Real-time banking depends on having access to data in real-time
In a real-time setting, banking is a seven-day-a-week, 24-hour-a-day job. Real-time money movement is the first step in this fundamental change, but other features, like instant access to data, go along with it.
In the new real-time paradigm, a data warehouse, a centralized, enterprise-wide repository of information about customers, transactions, profitability, products, and channels, is of great value. This value is increased by business analytics tools that are easy to use and give financial institutions a full picture of the relationships between customers and households and historical trends.
Financial and transactional data can be used to make highly customized financial services and business insights that can be put to use. Instead of sending all the raw data from a day to a data warehouse to be analyzed overnight, financial institutions realize the value of getting those insights immediately.
It’s all about making decisions in real-time. For example, if a small business owner pays off a loan 36 months early and closes the account, a commercial banker wouldn’t find out about it until two or three days after the transaction has settled. By then, it’s too late to change what will happen. The owner of a small business and his or her money have already left the bank.

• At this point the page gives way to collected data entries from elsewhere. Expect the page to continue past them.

Lemma vdc_bound_small eps H N S : 0 < eps -> 0 < H -> 0 <= N ->
  8 <= eps ^ 2 * H -> 16 * H <= eps ^ 2 * N -> 8 * H <= eps * N ->
  H ^ 2 * S ^ 2 <= 2 * N * (H * N + H ^ 2 * (eps ^ 2 / 8 * N + 2 * H)) + 8 * H ^ 4 ->
  Rabs S <= eps * N.
Proof.
  intros He HH HN H1 H2 H3 V.
  assert (A1 : 8 * (H * N ^ 2) <= eps ^ 2 * H * (H * N ^ 2))
    by (apply Rmult_le_compat_r; [apply Rmult_le_pos; nra|lra]).
  assert (A2 : 16 * H * (H ^ 2 * N) <= eps ^ 2 * N * (H ^ 2 * N))
    by (apply Rmult_le_compat_r; [apply Rmult_le_pos; nra|lra]).
  assert (A3 : (8 * H) ^ 2 <= (eps * N) ^ 2) by (apply pow_incr; lra).
  assert (H ^ 2 * S ^ 2 <= H ^ 2 * (eps * N) ^ 2) by nra.
  assert (HS : S ^ 2 <= (eps * N) ^ 2) by (apply (Rmult_le_reg_l (H ^ 2)); nra).
  rewrite <- (Rabs_right (eps * N)) by nra. rewrite <- !Rsqr_pow2 in HS. apply Rsqr_le_abs_0; auto.
Qed.

Lemma weyl_linear c f : irrational c -> has_lead 1 c f ->
  mean_to (fun n => cos (2 * PI * f n)) 0.
Proof.
  intros Hc Hf eps Heps. simpl in Hf.
  assert (Hs : 0 < Rabs (sin (PI * c))) by (apply Rabs_pos_lt, sin_PI_irrational; auto).
  destruct (eventually_le_mul (1 / Rabs (sin (PI * c))) eps Heps) as [N0 HN0].
  exists N0. intros N HN. rewrite Rmult_0_l, Rminus_0_r.
  rewrite (rsum_ext N _ (fun n => cos (2 * (PI * c) * INR n + 2 * PI * f O))).
  - eapply Rle_trans; [apply cos_arith_sum_bound|apply HN0]; auto.
    apply sin_PI_irrational; auto.
  - intros n _. specialize (Hf n). simpl in Hf.
    replace (f n) with (f O + c * INR n) by lra. f_equal. ring.
Qed.

Theorem weyl_poly D c f : (1 <= D)%nat -> irrational c -> has_lead D c f ->
  mean_to (fun n => cos (2 * PI * f n)) 0.
Proof.
  intros HD. revert c f. induction D as [|D IH]; [lia|]. destruct D as [|D].
  { apply weyl_linear. }
  intros c f Hc Hf eps Heps.
  assert (Heps2 : 0 < eps ^ 2) by (apply pow_lt; lra).
  destruct (eventually_le_mul 8 (eps ^ 2) Heps2) as [H0 HH0].
  set (H := S H0). assert (H8 : 8 <= eps ^ 2 * INR H) by (apply HH0; unfold H; lia).
  assert (HH : 0 < INR H) by (apply lt_0_INR; unfold H; lia).
  destruct (eventually_forall_lt (fun k N => (1 <= k)%nat ->
      Rabs (rsum N (fun n => cos (2 * PI * (f (n + k)%nat - f n)))) <= eps ^ 2 / 8 * INR N) H)
    as [N1 HN1].
  { intros k _. destruct k as [|k]; [exists O; intros; lia|].
    destruct (IH ltac:(lia) (c * INR (S (S D)) * INR (S k)) _ ltac:(apply irrational_mul_INR;
      [apply irrational_mul_INR|]; auto) (has_lead_diff D c f (S k) Hf) (eps ^ 2 / 8))
      as [N0 HN0]; [lra|].
    exists N0. intros N HN _. specialize (HN0 N HN). rewrite Rmult_0_l, Rminus_0_r in HN0. auto. }
  destruct (eventually_le_mul (16 * INR H) (eps ^ 2) Heps2) as [N2 HN2].
  destruct (eventually_le_mul (8 * INR H) eps Heps) as [N3 HN3].
  exists (N1 + N2 + N3)%nat. intros N HN. rewrite Rmult_0_l, Rminus_0_r.
  pose proof (pos_INR N).
  apply (vdc_bound_small eps (INR H)); auto; [apply HN2; lia|apply HN3; lia|].
  apply (van_der_corput (fun n => 2 * PI * f n)); [nra|].
  intros k Hk. rewrite (rsum_ext N _ (fun n => cos (2 * PI * (f (n + k)%nat - f n))))
    by (intros; f_equal; ring).
  apply HN1; lia.
Qed.

Lemma mean_to_cos_poly D c f a phi : (1 <= D)%nat -> irrational c -> has_lead D c f ->
  mean_to (fun m => a * cos (2 * PI * f m + phi)) 0.
Proof.
  intros HD Hc Hf. pose proof PI_RGT_0.
  apply (mean_to_ext (fun m => a * cos (2 * PI * (f m + phi / (2 * PI)))));
    [intros; do 2 f_equal; field; lra|].
  rewrite <- (Rmult_0_r a). apply mean_to_scal.
  apply (weyl_poly D c); auto. apply has_lead_add; auto. apply poly_seq_const.
Qed.

(** * Trigonometric polynomials in two variables *)

(* [(a, j, l, phi)] stands for [a cos (2 PI (j u + l v) + phi)]. *)
Definition trig_term : Type := (R * Z * Z * R)%type.

Definition term_eval (t : trig_term) (u v : R) : R :=
  let '(a, j, l, phi) := t in a * cos (2 * PI * (IZR j * u + IZR l * v) + phi).

Definition trig_eval (P : list trig_term) (u v : R) : R :=
  fold_right (fun t acc => term_eval t u v + acc) 0 P.

Definition term_mean (t : trig_term) : R :=
  let '(a, j, l, phi) := t in if (Z.eqb j 0 && Z.eqb l 0)%bool then a * cos phi else 0.

Definition trig_mean (P : list trig_term) : R :=
  fold_right (fun t acc => term_mean t + acc) 0 P.

Definition term_mul (t1 t2 : trig_term) : list trig_term :=
  let '(a1, j1, l1, phi1) := t1 in
  let '(a2, j2, l2, phi2) := t2 in
  [(a1 * a2 / 2, (j1 + j2)%Z, (l1 + l2)%Z, phi1 + phi2);
   (a1 * a2 / 2, (j1 - j2)%Z, (l1 - l2)%Z, phi1 - phi2)].

Definition trig_mul (P1 P2 : list trig_term) : list trig_term :=
  flat_map (fun t1 => flat_map (term_mul t1) P2) P1.

Fixpoint trig_pow (P : list trig_term) (K : nat) : list trig_term :=
  match K with O => [(1, 0%Z, 0%Z, 0)] | S K' => trig_mul P (trig_pow P K') end.

Definition freq_bounded (J L : Z) (P : list trig_term) : Prop :=
  forall a j l phi, In (a, j, l, phi) P -> (Z.abs j <= J /\ Z.abs l <= L)%Z.

Lemma trig_eval_app P1 P2 u v : trig_eval (P1 ++ P2) u v = trig_eval P1 u v + trig_eval P2 u v.
Proof. induction P1; simpl; [ring|]. rewrite IHP1; ring. Qed.

Lemma term_eval_mul t1 t2 u v : term_eval t1 u v * term_eval t2 u v = trig_eval (term_mul t1 t2) u v.
Proof.
  destruct t1 as [[[a1 j1] l1] phi1], t2 as [[[a2 j2] l2] phi2]. simpl.
  rewrite !plus_IZR, !minus_IZR.
  set (x := 2 * PI * (IZR j1 * u + IZR l1 * v) + phi1).
  set (y := 2 * PI * (IZR j2 * u + IZR l2 * v) + phi2).
  replace (2 * PI * ((IZR j1 + IZR j2) * u + (IZR l1 + IZR l2) * v) + (phi1 + phi2))
    with (x + y) by (unfold x, y; ring).
  replace (2 * PI * ((IZR j1 - IZR j2) * u + (IZR l1 - IZR l2) * v) + (phi1 - phi2))
    with (x - y) by (unfold x, y; ring).
  rewrite cos_plus, cos_minus. field.
Qed.

Lemma trig_eval_mul P1 P2 u v : trig_eval (trig_mul P1 P2) u v = trig_eval P1 u v * trig_eval P2 u v.
Proof.
  induction P1 as [|t1 P1 IH]; simpl; [ring|]. unfold trig_mul in *. simpl.
  rewrite trig_eval_app, IH, Rmult_plus_distr_r. f_equal. clear IH.
  induction P2 as [|t2 P2 IH2]; simpl; [ring|].
  rewrite trig_eval_app, IH2, <- term_eval_mul. ring.
Qed.

Lemma trig_eval_pow P K u v : trig_eval (trig_pow P K) u v = trig_eval P u v ^ K.
Proof.
  induction K; simpl.
  - replace (2 * PI * (0 * u + 0 * v) + 0) with 0 by ring. rewrite cos_0. ring.
  - rewrite trig_eval_mul, IHK. auto.
Qed.

Lemma freq_bounded_mono J J' L L' P :
  (J <= J')%Z -> (L <= L')%Z -> freq_bounded J L P -> freq_bounded J' L' P.
Proof. intros H1 H2 H a j l phi Hin. destruct (H a j l phi Hin). lia. Qed.

Lemma freq_bounded_mul J1 J2 L1 L2 P1 P2 : freq_bounded J1 L1 P1 -> freq_bounded J2 L2 P2 ->
  freq_bounded (J1 + J2) (L1 + L2) (trig_mul P1 P2).
Proof.
  intros H1 H2 a j l phi Hin. unfold trig_mul in Hin.
  apply in_flat_map in Hin as [[[[a1 j1] l1] phi1] [Ht1 Hin]].
  apply in_flat_map in Hin as [[[[a2 j2] l2] phi2] [Ht2 Hin]].
  specialize (H1 _ _ _ _ Ht1). specialize (H2 _ _ _ _ Ht2). simpl in Hin.
  destruct Hin as [E|[E|[]]]; inversion E; subst; lia.
Qed.

Lemma freq_bounded_pow J L P K : (0 <= J)%Z -> (0 <= L)%Z -> freq_bounded J L P ->
  freq_bounded (Z.of_nat K * J) (Z.of_nat K * L) (trig_pow P K).
Proof.
  intros HJ HL H. induction K; intros a j l phi Hin.
  - destruct Hin as [E|[]]. inversion E; subst. simpl. lia.
  - pose proof (freq_bounded_mul _ _ _ _ _ _ H IHK a j l phi Hin). lia.
Qed.

Lemma mean_to_trig_eval (Q T : nat -> R) P :
  (forall a j l phi, In (a, j, l, phi) P -> (j <> 0 \/ l <> 0)%Z ->
     mean_to (fun m => a * cos (2 * PI * (IZR j * Q m + IZR l * T m) + phi)) 0) ->
  mean_to (fun m => trig_eval P (Q m) (T m)) (trig_mean P).
Proof.
  induction P as [|t P IH]; intros H; simpl; [apply mean_to_const|].
  apply mean_to_add; [|apply IH; intros; apply (H a j l phi); simpl; auto].
  destruct t as [[[a j] l] phi]. simpl.
  destruct (Z.eqb_spec j 0), (Z.eqb_spec l 0); simpl;
    [|apply (H a j l phi); simpl; auto..].
  subst. apply (mean_to_ext (fun _ => a * cos phi)); [intros; do 2 f_equal; ring|].
  apply mean_to_const.
Qed.

Lemma cos_roots_of_unity_sum (M j : nat) g : (0 < j < M)%nat ->
  rsum M (fun p => cos (2 * PI * (INR j * (INR p / INR M)) + g)) = 0.
Proof.
  intros Hj. pose proof PI_RGT_0.
  assert (HM : 0 < INR M) by (apply lt_0_INR; lia).
  assert (Hj0 : 0 < INR j) by (apply lt_0_INR; lia).
  assert (HjM : INR j < INR M) by (apply lt_INR; lia).
  set (a := PI * INR j / INR M).
  assert (Ha : 0 < sin a).
  { apply sin_gt_0; unfold a.
    - apply Rdiv_lt_0_compat; nra.
    - apply (Rmult_lt_reg_r (INR M)); auto. field_simplify; nra. }
  rewrite (rsum_ext M _ (fun n => cos (2 * a * INR n + g))) by (intros; unfold a; f_equal; field; lra).
  apply (Rmult_eq_reg_l (2 * sin a)); [|lra]. rewrite cos_arith_sum.
  replace (2 * a * INR M + g - a) with ((g - a) + 2 * INR j * PI) by (unfold a; field; lra).
  rewrite sin_period. ring.
Qed.

Lemma cos_roots_of_unity_sum_Z (M : nat) (j : Z) g : (0 < Z.abs j < Z.of_nat M)%Z ->
  rsum M (fun p => cos (2 * PI * (IZR j * (INR p / INR M)) + g)) = 0.
Proof.
  intros Hj. destruct (Z_lt_le_dec 0 j).
  - rewrite <- (Z2Nat.id j), <- INR_IZR_INZ by lia. apply cos_roots_of_unity_sum. lia.
  - rewrite (rsum_ext M _ (fun p => cos (2 * PI * (INR (Z.to_nat (- j)) * (INR p / INR M)) + - g))).
    + apply cos_roots_of_unity_sum. lia.
    + intros p _. rewrite (INR_IZR_INZ (Z.to_nat (- j))), Z2Nat.id, opp_IZR, <- cos_neg by lia.
      f_equal. ring.
Qed.

(* Frequencies below [M] average out over the grid, being sums of [M]-th roots of unity. *)
Lemma trig_grid_sum P M u0 v0 : (1 <= M)%nat ->
  freq_bounded (Z.of_nat M - 1) (Z.of_nat M - 1) P ->
  rsum M (fun p => rsum M (fun q => trig_eval P (u0 + INR p / INR M) (v0 + INR q / INR M)))
  = INR M * INR M * trig_mean P.
Proof.
  intros HM. induction P as [|[[[a j] l] phi] P IH]; intros Hfb; simpl.
  { rewrite (rsum_ext M _ (fun _ => 0)), rsum_const; [ring|]. intros. rewrite rsum_const. ring. }
  rewrite (rsum_ext M _ (fun p =>
      rsum M (fun q => term_eval (a, j, l, phi) (u0 + INR p / INR M) (v0 + INR q / INR M))
      + rsum M (fun q => trig_eval P (u0 + INR p / INR M) (v0 + INR q / INR M))))
    by (intros; apply rsum_add).
  rewrite rsum_add, IH by (intros ? ? ? ? Hin; apply (Hfb _ _ _ _ (in_cons _ _ _ Hin))).
  destruct (Hfb a j l phi (in_eq _ _)) as [Hj Hl]. simpl.
  destruct (Z.eqb_spec j 0) as [->|Hj0]; destruct (Z.eqb_spec l 0) as [->|Hl0]; simpl.
  - rewrite (rsum_ext M _ (fun _ => INR M * (a * cos phi))), rsum_const; [ring|].
    intros. rewrite <- rsum_const. apply rsum_ext. intros. do 3 f_equal. ring.
  - rewrite (rsum_ext M _ (fun _ => 0)), rsum_const; [ring|]. intros p _.
    rewrite rsum_scal, (rsum_ext M _ (fun q =>
      cos (2 * PI * (IZR l * (INR q / INR M)) + (2 * PI * (IZR l * v0) + phi)))).
    + rewrite cos_roots_of_unity_sum_Z by lia. ring.
    + intros. f_equal. ring.
  - rewrite rsum_swap, (rsum_ext M _ (fun _ => 0)), rsum_const; [ring|]. intros q _.
    rewrite rsum_scal, (rsum_ext M _ (fun p =>
      cos (2 * PI * (IZR j * (INR p / INR M)) + (2 * PI * (IZR j * u0) + phi)))).
    + rewrite cos_roots_of_unity_sum_Z by lia. ring.
    + intros. f_equal. ring.
  - rewrite rsum_swap, (rsum_ext M _ (fun _ => 0)), rsum_const; [ring|]. intros q _.
    rewrite rsum_scal, (rsum_ext M _ (fun p => cos (2 * PI * (IZR j * (INR p / INR M))
      + (2 * PI * (IZR j * u0 + IZR l * (v0 + INR q / INR M)) + phi)))).
    + rewrite cos_roots_of_unity_sum_Z by lia. ring.
    + intros. f_equal. ring.
Qed.

Lemma trig_mean_lower_bound P K u0 v0 : freq_bounded (Z.of_nat K) (Z.of_nat K) P ->
  (forall u v, 0 <= trig_eval P u v) -> 1 <= trig_eval P u0 v0 ->
  1 <= (INR K + 1) ^ 2 * trig_mean P.
Proof.
  intros Hfb Hpos H1.
  pose proof (trig_grid_sum P (S K) u0 v0 ltac:(lia)
    ltac:(eapply freq_bounded_mono; [| |exact Hfb]; lia)) as E.
  assert (Hfirst : trig_eval P (u0 + INR 0 / INR (S K)) (v0 + INR 0 / INR (S K)) <=
    rsum (S K) (fun p => rsum (S K) (fun q =>
      trig_eval P (u0 + INR p / INR (S K)) (v0 + INR q / INR (S K))))).
  { eapply Rle_trans; [|apply rsum_ge_first; [lia|intros; apply rsum_nonneg; auto]].
    apply (rsum_ge_first (S K) (fun q => trig_eval P _ _)); auto. lia. }
  rewrite E in Hfirst. simpl (INR 0) in Hfirst. unfold Rdiv in Hfirst.
  rewrite !Rmult_0_l, !Rplus_0_r in Hfirst. rewrite <- S_INR. lra.
Qed.

(* High powers of [cos (PI (u - u0))^2] concentrate near [u0] modulo one and
   serve as bump functions. *)
Definition kernel_u (u0 : R) : list trig_term :=
  [(1/2, 0%Z, 0%Z, 0); (1/2, 1%Z, 0%Z, - (2 * PI * u0))].
Definition kernel_v (v0 : R) : list trig_term :=
  [(1/2, 0%Z, 0%Z, 0); (1/2, 0%Z, 1%Z, - (2 * PI * v0))].

Lemma kernel_u_eval u0 u v : trig_eval (kernel_u u0) u v = cos (PI * (u - u0)) ^ 2.
Proof.
  simpl. replace (2 * PI * (1 * u + 0 * v) + - (2 * PI * u0)) with (2 * (PI * (u - u0))) by ring.
  replace (2 * PI * (0 * u + 0 * v) + 0) with 0 by ring.
  rewrite cos_0, cos_2a_cos. field.
Qed.

Lemma kernel_v_eval v0 u v : trig_eval (kernel_v v0) u v = cos (PI * (v - v0)) ^ 2.
Proof.
  simpl. replace (2 * PI * (0 * u + 1 * v) + - (2 * PI * v0)) with (2 * (PI * (v - v0))) by ring.
  replace (2 * PI * (0 * u + 0 * v) + 0) with 0 by ring.
  rewrite cos_0, cos_2a_cos. field.
Qed.

Lemma freq_bounded_kernel_u u0 : freq_bounded 1 0 (kernel_u u0).
Proof. intros a j l phi [E|[E|[]]]; inversion E; subst; simpl; lia. Qed.

Lemma freq_bounded_kernel_v v0 : freq_bounded 0 1 (kernel_v v0).
Proof. intros a j l phi [E|[E|[]]]; inversion E; subst; simpl; lia. Qed.

Definition near_mod1 (w w0 eta : R) : Prop := exists k : Z, Rabs (w - w0 - IZR k) < eta.

Lemma cos_sq_add_IZR_PI x k : cos (x + IZR k * PI) ^ 2 = cos x ^ 2.
Proof.
  assert (Hs : sin (IZR k * PI) = 0) by (apply sin_eq_0_1; exists k; auto).
  pose proof (sin2_cos2 (IZR k * PI)) as H. rewrite Hs in H. unfold Rsqr in H.
  rewrite cos_plus, Hs, Rmult_0_r, Rminus_0_r.
  rewrite Rpow_mult_distr. replace (cos (IZR k * PI) ^ 2) with 1 by (simpl; lra). ring.
Qed.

Real-time access to financial data is just as important for consumers who want up-to-date information on loan payments, account balances, transactions, and possible fraud. This speed also makes it possible to get financial insights that can help with budgeting and investing.
Conclusion
Banking is no longer a monopoly. Research suggests that individuals are more comfortable with technology businesses handling their money.
However, while customers trust the best fintech solutions, banks and credit unions remain a trusted, relationship-based location to perform financial transactions.
AI, open data standards, and machine learning will push community banks to innovate. Banks and credit unions that bring value and innovative ideas to their markets and communities will perform well.